▶ _What is needed_: Determine how many of the lines below hold the word "hnuD". Give the number and nothing else.

▶ _Supplied entries_:
Definition germs_to_sheaf_fun (U : opens X) (g : csec (stalk_ultrafunctor P) U) : sec P U :=
  proj1_sig (cid (germ_csec_glue g)).

Lemma germs_to_sheaf_funP (U : opens X) (g : csec (stalk_ultrafunctor P) U) y
    (Uy : proj1_sig U y) :
  germ (NSec Uy (germs_to_sheaf_fun g)) = proj1_sig g y Uy.
Proof. exact: (proj2_sig (cid (germ_csec_glue g))). Qed.

Definition germs_to_sheaf : sheaf_hom (section_sheaf (stalk_ultrafunctor P)) P.
Proof.
exists germs_to_sheaf_fun => U V VU g; apply: sheaf_germ_ext => y Vy.
by rewrite germs_to_sheaf_funP (germ_res VU Vy (VU y Vy)) germs_to_sheaf_funP.
Defined.

End SheafFromStalks.

Lemma section_stalk_iso (X : topologicalType) :
  @nat_iso (Sh X) (Sh X) (fun P => fob (section_functor X) (fob (stalk_functor X) P))
    (@idFunctor_ob (Sh X))
    (fun P Q al => fhom (section_functor X) (fhom (stalk_functor X) al)) (fun P Q al => al).
Proof.
exists (@germs_to_sheaf X), (@sheaf_to_germs X); split; [|split].
- move=> P; apply: sheaf_hom_eq; apply: functional_extensionality_dep => U.
  by apply: funext => t /=; apply: sheaf_germ_ext => y Uy; rewrite germs_to_sheaf_funP.
- move=> P; apply: sheaf_hom_eq; apply: functional_extensionality_dep => U.
  by apply: funext => g /=; apply: csec_eq => y Uy /=; exact: germs_to_sheaf_funP.
- move=> P Q al; apply: sheaf_hom_eq; apply: functional_extensionality_dep => U.
  apply: funext => g /=; apply: sheaf_germ_ext => y Uy.
  by rewrite germs_to_sheaf_funP /= -stalk_map_germ germs_to_sheaf_funP.
Qed.

(** * Local sections of a left ultrafunctor *)

Section PartialFamilies.
Variables (S : Type) (M : S -> Type).
Implicit Types (b c : pfam M) (D : set S).

Definition pdom b : set S := [set s | b s <> None].

Definition pfam_restr D b : pfam M := fun s => if pselect (D s) then b s else None.

Lemma pfam_restr_in D b s : D s -> pfam_restr D b s = b s.
Proof. by rewrite /pfam_restr; case: pselect. Qed.

Lemma pdom_restr D b : pdom (pfam_restr D b) = D `&` pdom b.
Proof.
by apply/seteqP; split=> s; rewrite /pdom /pfam_restr /=; case: pselect => // Ds [].
Qed.

Definition pfam_join b c : pfam M := fun s => if b s is Some e then Some e else c s.

Lemma pdom_join b c : pdom (pfam_join b c) = pdom b `|` pdom c.
Proof.
apply/seteqP; split=> s; rewrite /pdom /pfam_join /=; case: (b s) => [e|] //=.
- by left.
- by right.
- by case.
Qed.

End PartialFamilies.

Section LocalSections.
Variables (X : topologicalType) (F : left_ultrafunctor X).
Implicit Type b : pfam (fun z : X => LUF F z).

Definition represents (x : X) (a : LUF F x) b : Prop :=
  forall (nu : set_system X) (hnu : UltraFilter nu) (h : ulim nu id x),
    nu (pdom b) -> proj1_sig (sigma hnu h a) b.

Definition represents_at b (y : X) : Prop :=
  exists e : LUF F y, b y = Some e /\
    forall (nu : set_system X) (hnu : UltraFilter nu) (h : ulim nu id y),
      proj1_sig (sigma hnu h e) b.

Variables (x : X) (a : LUF F x).

Lemma represents_none : represents a (fun _ => None).
Proof. by move=> nu hnu h nu0; exfalso; apply: (filter_not_empty nu); apply: filterS nu0. Qed.

Lemma represents_join b c : represents a b -> represents a c -> represents a (pfam_join b c).
Proof.
move=> ab ac nu hnu h; rewrite pdom_join => nu_bc.
have [nu_b|nu_nb] := in_ultra_setVsetC (pdom b) hnu.
  apply: (uclass_closed (proj2_sig _) (ab nu hnu h nu_b)); apply: filterS nu_b => z.
  by rewrite /pdom /pfam_join /=; case: (b z).
have nu_c : nu (pdom c) by apply: filterS (filterI nu_bc nu_nb) => z [[]].
apply: (uclass_closed (proj2_sig _) (ac nu hnu h nu_c)).
apply: filterS (filterI nu_nb nu_c) => z [nbz cz].
have bz : b z = None by apply: contrapT.
by rewrite /= /pfam_join bz; split.
Qed.

(* Every ultrafilter [nu] converging to [x] is the integral [int nu_D dMu] of
   ultrafilters [nu_D] witnessing that the restrictions of a representative
   [b] of [sigma_nu a] to the members [D] of [nu] do not represent [a];
   associativity then makes [b] represent [sigma_{nu_D} a] for some [D], absurd. *)
Lemma exists_represents_ultra (nu : set_system X) (hnu : UltraFilter nu) (h : ulim nu id x) :
  exists b, represents a b /\ nu (pdom b).
Proof.
apply: contrapT => no_rep.
have [b ab] := uclass_inhabited (proj2_sig (sigma hnu h a)).
have nu_b : nu (pdom b) by exact: uclass_mdef (proj2_sig _) ab.
pose I := {D : set X | nu D}.
have bad (D : I) : exists nuD : set_system X, UltraFilter nuD /\ ulim nuD id x /\
    nuD (proj1_sig D `&` pdom b) /\
    forall (hU' : UltraFilter nuD) (h' : ulim nuD id x),
      ~ proj1_sig (sigma hU' h' a) (pfam_restr (proj1_sig D) b).
  case: D => D nuD /=; apply: contrapT => all_good; apply: no_rep.
  exists (pfam_restr D b); split; last by rewrite pdom_restr; exact: filterI.
  move=> nu' hnu' h'; rewrite pdom_restr => nu'D; apply: contrapT => nab; apply: all_good.
  exists nu'; split=> //; split=> //; split=> // hU'' h''.
  by rewrite (sigma_irr erefl hU'' hnu' h'' h').
pose nuD (D : I) := proj1_sig (cid (bad D)).
have hnuD D : UltraFilter (nuD D) by have [] := proj2_sig (cid (bad D)).
have hsD D : ulim (nuD D) id x by have [_ []] := proj2_sig (cid (bad D)).
have nuD_b D : nuD D (proj1_sig D `&` pdom b) by have [_ [_ []]] := proj2_sig (cid (bad D)).
have nuD_bad D : forall (hU' : UltraFilter (nuD D)) (h' : ulim (nuD D) id x),
    ~ proj1_sig (sigma hU' h' a) (pfam_restr (proj1_sig D) b).
  by have [_ [_ [_]]] := proj2_sig (cid (bad D)).
have [Mu [UMu Mu_tail]] := ultra_tail (ultra_proper : ProperFilter nu).
have nu_int : nu = uint Mu nuD.
  apply: esym; apply: max_filter; first exact: uint_proper.
  move=> E nuE; apply: filterS (Mu_tail E nuE) => D /= DE.
  by apply: filterS (nuD_b D) => z [/DE].
have hU1 := uint_ultra UMu hnuD.
have h2 : ulim Mu (fun _ => x) x by move=> A /nbhs_singleton Ax /=; apply: filterS filterT.
have h1 : ulim (uint Mu nuD) id x by rewrite -nu_int.
have ab1 : proj1_sig (sigma hU1 h1 a) b by rewrite -(sigma_irr nu_int hnu hU1 h h1).
apply: (filter_not_empty Mu).
apply: filterS (sigma_assoc_ae hnuD hsD (sigma_const UMu h2 a) ab1) => D [e [[<-] ab_D]].
apply: (nuD_bad D (hnuD D) (hsD D)); apply: (uclass_closed (proj2_sig _) ab_D).
apply: filterS (nuD_b D) => z [Dz bz]; split=> //.
by rewrite pfam_restr_in.
Qed.

(* Otherwise the sets [N \ pdom b], [N] a neighbourhood of [x] and [b]
   representing [a], generate a proper filter converging to [x], contradicting
   the previous lemma. *)
Lemma exists_represents_nbhs : exists b, represents a b /\ nbhs x (pdom b).
Proof.
apply: contrapT => no_rep.
pose Z := [set A : set X | exists b, represents a b /\
  exists N, nbhs x N /\ N `\` pdom b `<=` A].
have PZ : ProperFilter Z.
  apply: Build_ProperFilter_ex => [A [b [ab [N [nN NbA]]]]|].
    apply: contrapT => A0; apply: no_rep; exists b; split=> //.
    apply: filterS nN => z Nz; apply: contrapT => nbz; apply: A0.
    by exists z; apply: NbA.
  split=> [|A1 A2 [b1 [ab1 [N1 [n1 s1]]]] [b2 [ab2 [N2 [n2 s2]]]]|A1 A2 A12].
  - exists (fun _ => None); split; first exact: represents_none.
    by exists setT; split; first exact: filterT.
  - exists (pfam_join b1 b2); split; first exact: represents_join.
    exists (N1 `&` N2); split; first exact: filterI.
    move=> z [[N1z N2z]]; rewrite pdom_join => /not_orP [nb1z nb2z].
    by split; [exact: s1|exact: s2].
  - by move=> [b [ab [N [nN NbA]]]]; exists b; split=> //; exists N; split=> // z /NbA /A12.
have [nu [Unu Znu]] := ultraFilterLemma PZ.
have nu_x : ulim nu id x.
  move=> A nA; apply: Znu; exists (fun _ => None); split; first exact: represents_none.
  by exists A; split=> // z [].
have [b [ab nu_b]] := exists_represents_ultra Unu nu_x.
have nu_nb : nu (~` pdom b).
  by apply: Znu; exists b; split=> //; exists setT; split=> [|z []//]; exact: filterT.
apply: (filter_not_empty nu); rewrite -(setICr (pdom b)); exact: filterI.
Qed.

Lemma represents_value b : represents a b -> nbhs x (pdom b) -> b x = Some a.
Proof.
move=> ab nb; have hd : ulim (delta x) id x := ulim_delta (xs := id).
apply: (sigma_delta_at (hU := delta_ultra x) (h := hd)).
exact: ab (nbhs_singleton nb).
Qed.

▶ _Answer space_: 4